You can also create agents that can be enabled and disabled by users who have only the Notes client—they need editor access to the application, but they don't need the Designer client—and they don't need to sign the agent. You can enable this by selecting "Allow user activation" in an agent's properties box:

Allow user activation

The Notes Rnext user interface extends the "View - Agents" functionality of R5, where a user sees only private agents. In Notes Rnext, "View - Agents" also displays any scheduled agents in the database:

View - Agents

New selection buttons across the top of the display allow the user to create a new agent, or enable, disable, and sign selected agents in the list.

Other cool stuff

Not every new feature in Designer Rnext is as big as the Database Connection or Agent interface. Many of them are small—but important to making a developer's life a little easier:
    • LotusScript support includes a remote debugger capability for server agents.
    • An Actions design pane displays an icon for each action and supports multiple selection, drag-and-drop to set the action's order on the action bar, and double-click to edit in place. From this new interface, you can delete system actions you don't need (and system actions are no longer added by default to new forms and views).
    • Dynamically-named elements have been enhanced. The creation dialog box allows you to compute not only the element name, which you could do in R5, but the database the element is stored in and the kind of element it is (form, view, and so on).
    • You can customize the twisties that appear in views using an image resource that is an image well—the first state is displayed when the category is collapsed, the second when it is expanded.
    • A "No refresh" selection is added to the database properties, which allows you to effectively lock the design of the database against changes.
    • You can print the code that appears in the programmer's pane.
    • The 64K limit on code segments has been removed.
    • You can set persistent breakpoints in the LotusScript debugger.
    • Views have a new property: "Hide column if formula is true."
    • Color palettes have been made consistent throughout Designer Rnext.

Power for productivity

The changes in Designer Rnext are evolutionary rather than revolutionary, says Maureen Leland. The goal for this new version of Designer, she says, is to make it "fun to use." Then she amends that, adding, "...and powerful."

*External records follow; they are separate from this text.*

(* Let $n\ge k\ge d$ be positive integers. Let $\mathcal{Z}_{n,k,d}\subseteq\mathbb{Q}^{n+d+k}$ be the set of points $(z_1,\dots,z_n;z_{n+1},\dots,z_{n+d};z_{n+d+1},\dots,z_{n+d+k})$ for which there exist an injective function $f:\{n+1,\dots,n+d\}\hookrightarrow\{n+d+1,\dots,n+d+k\}$ with $z_i=z_{f(i)}$ for all $n+1\le i\le n+d$, and a surjective function $g:\{1,\dots,n\}\twoheadrightarrow\{n+1,\dots,n+d\}$ with $z_j=z_{g(j)}$ for all $1\le j\le n$. Let $J^{\mathbb{Q},\mathbf{t}}_{n,k,d}\subseteq\mathbb{Q}[\mathbf{x}_n,\mathbf{y}_d,\mathbf{t}_k]$ be the ideal generated by \begin{itemize} \item $e_r(\mathbf{t}_k) - e_{r-1}(\mathbf{t}_k)h_1(\mathbf{y}_d)+\cdots+(-1)^r h_r(\mathbf{y}_d)$ for all $r>k-d$, \item $e_r(\mathbf{x}_n) - e_{r-1}(\mathbf{x}_n)h_1(\mathbf{y}_d)+\cdots+(-1)^r h_r(\mathbf{y}_d)$ for all $r>n-d$, \item $x_i^d - x_i^{d-1}e_1(\mathbf{y}_d)+\cdots+(-1)^d e_d(\mathbf{y}_d)$ for $i=1,\dots,n$. \end{itemize} Then $J^{\mathbb{Q},\mathbf{t}}_{n,k,d}\subseteq\mathbf{I}(\mathcal{Z}_{n,k,d})$.
   Context: $\mathbb{Q}[\mathbf{x}_n,\mathbf{y}_d,\mathbf{t}_k]$, with $\mathbf{x}_n=(x_1,\dots,x_n)$, $\mathbf{y}_d=(y_1,\dots,y_d)$, $\mathbf{t}_k=(t_1,\dots,t_k)$, is the coordinate ring of $\mathbb{Q}^{n+d+k}$ (the coordinates in that order), and $\mathbf{I}(\mathcal{Z})$ denotes the ideal of polynomials vanishing on $\mathcal{Z}$. $e_r,h_r$ are elementary and complete homogeneous symmetric polynomials ($e_0=h_0=1$, $e_r=0$ when $r$ exceeds the number of variables). *)

From HB Require Import structures.
From mathcomp Require Import all_boot all_order all_algebra.
From mathcomp Require Import mpoly.

Import Order.TTheory GRing.Theory Num.Theory.
Local Open Scope ring_scope.

(* Elementary symmetric polynomial e_r of a finite family v : 'I_m -> R.
   e_0 = 1 and e_r = 0 for r > m automatically. *)
Definition esymf (R : comNzRingType) (m : nat) (v : 'I_m -> R) (r : nat) : R :=
  \sum_(S : {set 'I_m} | #|S| == r) \prod_(i in S) v i.

Definition hsymf (R : comNzRingType) (m : nat) (v : 'I_m -> R) (r : nat) : R :=
  \sum_(a : {ffun 'I_m -> 'I_r.+1} | \sum_i (nat_of_ord (a i)) == r)
     \prod_i v i ^+ a i.

(* Variables of Q[x_n, y_d, t_k], coordinates in the order x, y, t. *)
Definition xidx (n d k : nat) (i : 'I_n) : 'I_(n + d + k) :=
  lshift k (lshift d i).
Definition yidx (n d k : nat) (j : 'I_d) : 'I_(n + d + k) :=
  lshift k (rshift n j).
Definition tidx (n d k : nat) (l : 'I_k) : 'I_(n + d + k) :=
  rshift (n + d) l.

Definition xv (n d k : nat) (i : 'I_n) : {mpoly rat[n + d + k]} := 'X_(xidx n d k i).
Definition yv (n d k : nat) (j : 'I_d) : {mpoly rat[n + d + k]} := 'X_(yidx n d k j).
Definition tv (n d k : nat) (l : 'I_k) : {mpoly rat[n + d + k]} := 'X_(tidx n d k l).

Definition alt_eh (n d k m : nat) (v : 'I_m -> {mpoly rat[n + d + k]}) (r : nat)
  : {mpoly rat[n + d + k]} :=
  \sum_(j < r.+1) (-1) ^+ j * esymf _ m v (r - j) * hsymf _ d (yv n d k) j.

Definition alt_xe (n d k : nat) (i : 'I_n) : {mpoly rat[n + d + k]} :=
  \sum_(j < d.+1) (-1) ^+ j * xv n d k i ^+ (d - j) * esymf _ d (yv n d k) j.

Definition Jgens (n k d : nat) (p : {mpoly rat[n + d + k]}) : Prop :=
  (exists2 r, (k - d < r)%N & p = alt_eh n d k k (tv n d k) r) \/
  (exists2 r, (n - d < r)%N & p = alt_eh n d k n (xv n d k) r) \/
  (exists i : 'I_n, p = alt_xe n d k i).

Definition ideal_gen (R : comNzRingType) (G : R -> Prop) (p : R) : Prop :=
  exists s : seq (R * R),
    (forall cg, cg \in s -> G cg.2) /\ p = \sum_(cg <- s) cg.1 * cg.2.

Definition J_Qt (n k d : nat) : {mpoly rat[n + d + k]} -> Prop :=
  ideal_gen _ (Jgens n k d).

Definition Zset (n k d : nat) (z : 'I_(n + d + k) -> rat) : Prop :=
  (exists f : 'I_d -> 'I_k, injective f /\
      forall i : 'I_d, z (yidx n d k i) = z (tidx n d k (f i))) /\
  (exists g : 'I_n -> 'I_d, (forall j : 'I_d, exists i : 'I_n, g i = j) /\
      forall j : 'I_n, z (xidx n d k j) = z (yidx n d k (g j))).

Definition vanishing_ideal (N : nat) (Z : ('I_N -> rat) -> Prop)
  (p : {mpoly rat[N]}) : Prop :=
  forall z, Z z -> p.@[z] = 0.

From HB Require Import structures.
From mathcomp Require Import all_boot all_order all_algebra.
From mathcomp Require Import mpoly.
From mathcomp Require Import zify ring.
Import GRing.Theory.
Local Open Scope ring_scope.

(** Write E_v(X) = prod_i (1 + v_i X), whose coefficients are the e_r(v), and
    H_w(-X) = prod_i 1/(1 + w_i X), whose coefficients are the (-1)^r h_r(w).
    The alternating sum sum_j (-1)^j e_(r-j)(v) h_j(w) is the X^r coefficient of
    E_v(X) H_w(-X).  On Z every y-coordinate equals a t-coordinate (through an
    injection) and an x-coordinate (through a section of the surjection), so in
    both cases w = y is a subfamily of v and E_v = E_w P with deg P <= #v - d.
    Since E_w(X) H_w(-X) = 1, the product E_v(X) H_w(-X) is P(X) up to terms
    of degree > r, so its X^r coefficient vanishes once r > #v - d.  The third
    family of generators evaluates to prod_j (x_i - y_j), which vanishes since
    x_i equals some y_j. *)

Lemma prod_if_mem (T : comNzRingType) (I : finType) (A : {set I}) (F G : I -> T) :
  \prod_i (if i \in A then F i else G i) = \prod_(i in A) F i * \prod_(i in ~: A) G i.
Proof. by rewrite big_if; congr (_ * _); apply: eq_bigl => i; rewrite ?inE. Qed.

Section SymmetricGeneratingPolynomials.
Context {R : comNzRingType}.

Definition esym_genpoly {m : nat} (v : 'I_m -> R) : {poly R} :=
  \prod_(i < m) (1 + (v i)%:P * 'X).

(* H_w(-X) with each geometric series 1/(1 + w_i X) cut off after degree N. *)
Definition hsym_genpoly_trunc (N : nat) {d : nat} (w : 'I_d -> R) : {poly R} :=
  \prod_(i < d) \sum_(a < N.+1) (- ((w i)%:P * 'X)) ^+ a.

Lemma coef_esym_genpoly {m : nat} (v : 'I_m -> R) (r : nat) :
  (esym_genpoly v)`_r = esymf R m v r.
Proof.
have -> : esym_genpoly v = \sum_(S : {set 'I_m}) (\prod_(i in S) v i) *: 'X^#|S|.
  rewrite /esym_genpoly (eq_bigr (fun i => (v i)%:P * 'X + 1)) => [|i _]; last first.
    by rewrite addrC.
  rewrite bigA_distr; apply: eq_bigr => S _.
  rewrite prod_if_mem [X in _ * X]big1 // mulr1 big_split /=.
  by rewrite -rmorph_prod prodr_const mul_polyC.
by rewrite coef_sumMXn.
Qed.

Lemma hsymf_widen {d : nat} (N : nat) (w : 'I_d -> R) (j : nat) : (j <= N)%N ->
  hsymf R d w j =
  \sum_(a : {ffun 'I_d -> 'I_N.+1} | \sum_i (a i : nat) == j) \prod_i w i ^+ a i.
Proof.
move=> jN; have jN1 : (j.+1 <= N.+1)%N by [].
pose widen (b : {ffun 'I_d -> 'I_j.+1}) := [ffun i => widen_ord jN1 (b i)].
pose narrow (a : {ffun 'I_d -> 'I_N.+1}) : {ffun 'I_d -> 'I_j.+1} :=
  [ffun i => inord (a i)].
rewrite /hsymf (reindex_onto widen narrow) => [|a /eqP sum_a]; last first.
  apply/ffunP => i; rewrite !ffunE; apply/val_inj => /=.
  by rewrite inordK // ltnS -sum_a (bigD1 i) //= leq_addr.
apply: eq_big => [b|b _]; last by apply: eq_bigr => i _; rewrite ffunE.
have -> : narrow (widen b) == b.
  by apply/eqP/ffunP => i; rewrite !ffunE; apply/val_inj; rewrite /= inordK.
by rewrite andbT; under [in RHS]eq_bigr do rewrite ffunE.
Qed.

Lemma coef_hsym_genpoly_trunc (N : nat) {d : nat} (w : 'I_d -> R) (j : nat) :
  (j <= N)%N -> (hsym_genpoly_trunc N w)`_j = (-1) ^+ j * hsymf R d w j.
Proof.
move=> jN; rewrite (hsymf_widen N) // mulr_sumr /hsym_genpoly_trunc.
have powE (c : R) a : (- (c%:P * 'X)) ^+ a = (-c) ^+ a *: 'X^a.
  by rewrite -mul_polyC -mulNr -polyCN exprMn rmorphXn.
under eq_bigr do under eq_bigr do rewrite powE.
rewrite bigA_distr_bigA /=.
under eq_bigr => a _.
  rewrite (eq_bigr (fun i => ((-1) ^+ a i * w i ^+ a i)%:P * 'X^(a i))) => [|i _];
    last by rewrite -exprNn mul_polyC.
  rewrite big_split /= prodrXr -rmorph_prod mul_polyC.
  over.
rewrite coef_sumMXn; apply: eq_big => // a /eqP sum_a.
by rewrite big_split /= prodrXr sum_a.
Qed.

Lemma esym_hsym_genpoly_trunc (N : nat) {d : nat} (w : 'I_d -> R) :
  exists q, esym_genpoly w * hsym_genpoly_trunc N w = 1 + 'X^(N.+1) * q.
Proof.
rewrite -big_split /=.
apply: (big_ind (fun p => exists q, p = 1 + 'X^(N.+1) * q)).
- by exists 0; rewrite mulr0 addr0.
- by move=> _ _ [a ->] [b ->]; exists (a + b + 'X^(N.+1) * a * b); ring.
move=> i _; set y := - ((w i)%:P * 'X).
exists (- (- (w i)%:P) ^+ N.+1).
have -> : 1 + (w i)%:P * 'X = - (y - 1) by rewrite /y opprB opprK addrC.
by rewrite mulNr -subrX1 opprB /y -mulNr exprMn mulrN mulrC.
Qed.

Lemma size_prod_1addCX {I : finType} (A : {set I}) (c : I -> R) :
  (size (\prod_(i in A) (1 + (c i)%:P * 'X))%R <= #|A|.+1)%N.
Proof.
apply: leq_trans (size_poly_prod_leq _ _) _.
have size_factor i : (size (1 + (c i)%:P * 'X)%R <= 2)%N.
  rewrite addrC -polyC1 size_MXaddC; case: ifP => // _.
  by rewrite ltnS size_polyC leq_b1.
have : (\sum_(i in A) size (1 + (c i)%:P * 'X)%R <= #|A| * 2)%N.
  by rewrite -sum_nat_const; apply: leq_sum => i _.
rewrite (eq_card (_ : _ =i A)) //; lia.
Qed.

Lemma esym_genpoly_subfamily {m d : nat} {v : 'I_m -> R} {w : 'I_d -> R}
    {f : 'I_d -> 'I_m} :
  injective f -> (forall j, v (f j) = w j) ->
  exists2 P, esym_genpoly v = esym_genpoly w * P & (size P <= (m - d).+1)%N.
Proof.
move=> injf vfw; set S := f @: [set: 'I_d].
exists (\prod_(i in ~: S) (1 + (v i)%:P * 'X)); last first.
  have := cardsC S; rewrite card_imset // cardsT !card_ord => cardS.
  by apply: leq_trans (size_prod_1addCX (~: S) v) _; lia.
rewrite /esym_genpoly (bigID (mem S)) /=; congr (_ * _).
  rewrite big_imset /=; last by move=> a b _ _; apply: injf.
  by apply: eq_big => [j|j _]; rewrite ?in_setT ?vfw.
by apply: eq_bigl => i; rewrite inE.
Qed.

Lemma alt_esym_hsym_subfamily_eq0 {m d : nat} {v : 'I_m -> R} {w : 'I_d -> R}
    {f : 'I_d -> 'I_m} {r : nat} :
  injective f -> (forall j, v (f j) = w j) -> (m - d < r)%N ->
  \sum_(j < r.+1) (-1) ^+ j * esymf R m v (r - j) * hsymf R d w j = 0.
Proof.
move=> injf vfw lt_r.
have [P Ev_eq size_P] := esym_genpoly_subfamily injf vfw.
have [q EH_eq] := esym_hsym_genpoly_trunc r w.
have coef_EH : (hsym_genpoly_trunc r w * esym_genpoly v)`_r =
    \sum_(j < r.+1) (-1) ^+ j * esymf R m v (r - j) * hsymf R d w j.
  rewrite coefM; apply: eq_bigr => j _.
  rewrite coef_hsym_genpoly_trunc ?coef_esym_genpoly; last by rewrite -ltnS ltn_ord.
  by rewrite mulrAC.
rewrite -coef_EH Ev_eq mulrA [_ * esym_genpoly w]mulrC EH_eq.
rewrite mulrDl mul1r coefD -mulrA coefXnM ltnSn addr0.
exact: (leq_sizeP _ _ (leq_trans size_P lt_r)).
Qed.

Lemma prod_subr_esym {d : nat} (y : 'I_d -> R) (x : R) :
  \prod_i (x - y i) = \sum_(j < d.+1) (-1) ^+ j * x ^+ (d - j) * esymf R d y j.
Proof.
rewrite (eq_bigr (fun i => - y i + x)) => [|i _]; last by rewrite addrC.
rewrite bigA_distr.
under eq_bigr do rewrite prod_if_mem prodrN prodr_const.
rewrite /esymf (eq_bigr (fun j : 'I_d.+1 => \sum_(S : {set 'I_d})
   if #|S| == j then (-1) ^+ j * x ^+ (d - j) * \prod_(i in S) y i else 0));
  last by move=> j _; rewrite big_distrr big_mkcond.
rewrite exchange_big /=; apply: eq_bigr => S _.
have card_S : (#|S| < d.+1)%N by rewrite ltnS -[X in (_ <= X)%N](card_ord d) max_card.
rewrite (bigD1 (Ordinal card_S)) //= eqxx [X in _ + X]big1 ?addr0 => [|j ne_j].
  have -> : #|~: S| = (d - #|S|)%N by have := cardsC S; rewrite card_ord; lia.
  by rewrite mulrAC.
by case: eqP => // card_Sj; rewrite -(inj_eq val_inj) /= card_Sj eqxx in ne_j.
Qed.

End SymmetricGeneratingPolynomials.

Lemma rmorph_esymf {R S : comNzRingType} (phi : {rmorphism R -> S})
    (m : nat) (v : 'I_m -> R) (r : nat) :
  phi (esymf R m v r) = esymf S m (fun i => phi (v i)) r.
Proof. by rewrite rmorph_sum; under eq_bigr do rewrite rmorph_prod. Qed.

Lemma rmorph_hsymf {R S : comNzRingType} (phi : {rmorphism R -> S})
    (m : nat) (v : 'I_m -> R) (r : nat) :
  phi (hsymf R m v r) = hsymf S m (fun i => phi (v i)) r.
Proof.
rewrite rmorph_sum; apply: eq_bigr => a _.
by rewrite rmorph_prod; under eq_bigr do rewrite rmorphXn.
Qed.

Lemma ideal_gen_rmorph_eq0 {R S : comNzRingType} (phi : {rmorphism R -> S})
    {G : R -> Prop} {p : R} :
  ideal_gen R G p -> (forall g, G g -> phi g = 0) -> phi p = 0.
Proof.
move=> [s [sG ->]] phiG; rewrite rmorph_sum big_seq big1 // => cg cg_s.
by rewrite rmorphM (phiG _ (sG _ cg_s)) mulr0.
Qed.

Lemma surj_injective_section {I J : finType} {g : I -> J} :
  (forall j, exists i, g i = j) -> exists2 f : J -> I, injective f & cancel f g.
Proof.
move=> gsurj; have ex_i j : exists i, g i == j.
  by have [i gij] := gsurj j; exists i; apply/eqP.
have gK : cancel (fun j => xchoose (ex_i j)) g.
  by move=> j; apply/eqP; exact: xchooseP (ex_i j).
by exists (fun j => xchoose (ex_i j)); first exact: can_inj gK.
Qed.

Lemma meval_alt_eh (n d k m : nat) (v : 'I_m -> {mpoly rat[n + d + k]})
    (r : nat) (z : 'I_(n + d + k) -> rat) :
  (alt_eh n d k m v r).@[z] =
  \sum_(j < r.+1) (-1) ^+ j * esymf rat m (fun i => (v i).@[z]) (r - j)
     * hsymf rat d (fun i => (yv n d k i).@[z]) j.
Proof.
rewrite rmorph_sum; apply: eq_bigr => j _.
by rewrite !rmorphM rmorphXn rmorphN rmorph1 rmorph_esymf rmorph_hsymf.
Qed.

Lemma meval_alt_xe (n d k : nat) (i : 'I_n) (z : 'I_(n + d + k) -> rat) :
  (alt_xe n d k i).@[z] = \prod_j ((xv n d k i).@[z] - (yv n d k j).@[z]).
Proof.
rewrite prod_subr_esym rmorph_sum; apply: eq_bigr => j _.
by rewrite !rmorphM !rmorphXn rmorphN rmorph1 rmorph_esymf.
Qed.

Lemma Jgens_vanish_on_Zset (n k d : nat) (z : 'I_(n + d + k) -> rat)
    (p : {mpoly rat[n + d + k]}) :
  Zset n k d z -> Jgens n k d p -> p.@[z] = 0.
Proof.
move=> [[f [injf zf]] [g [gsurj zg]]] [[r lt_r ->]|[[r lt_r ->]|[i ->]]].
- rewrite meval_alt_eh; apply: (alt_esym_hsym_subfamily_eq0 injf) => // j.
  by rewrite !mevalXU zf.
- have [f' injf' gK] := surj_injective_section gsurj.
  rewrite meval_alt_eh; apply: (alt_esym_hsym_subfamily_eq0 injf') => // j.
  by rewrite !mevalXU zg gK.
- by rewrite meval_alt_xe (bigD1 (g i)) //= !mevalXU zg subrr mul0r.
Qed.

Theorem lemma3p15 (n k d : nat) (hd : (0 < d)%N) (hdk : (d <= k)%N) (hkn : (k <= n)%N) :
  forall p : {mpoly rat[n + d + k]},
    J_Qt n k d p -> vanishing_ideal (n + d + k) (Zset n k d) p.
Proof.
move=> p Jp z Zz; apply: (ideal_gen_rmorph_eq0 (meval z) Jp) => g.
exact: Jgens_vanish_on_Zset.
Qed.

Designer Rnext is indeed powerful to use. It delivers features that make the development of increasingly complex applications easier—features that save developers from repetition and wasted effort and make them more productive. It makes it easy to use new presentation features like layers, and new programming features like database connections. It brings the IDE up to speed with the current state of the application-development art. And it really does make it fun.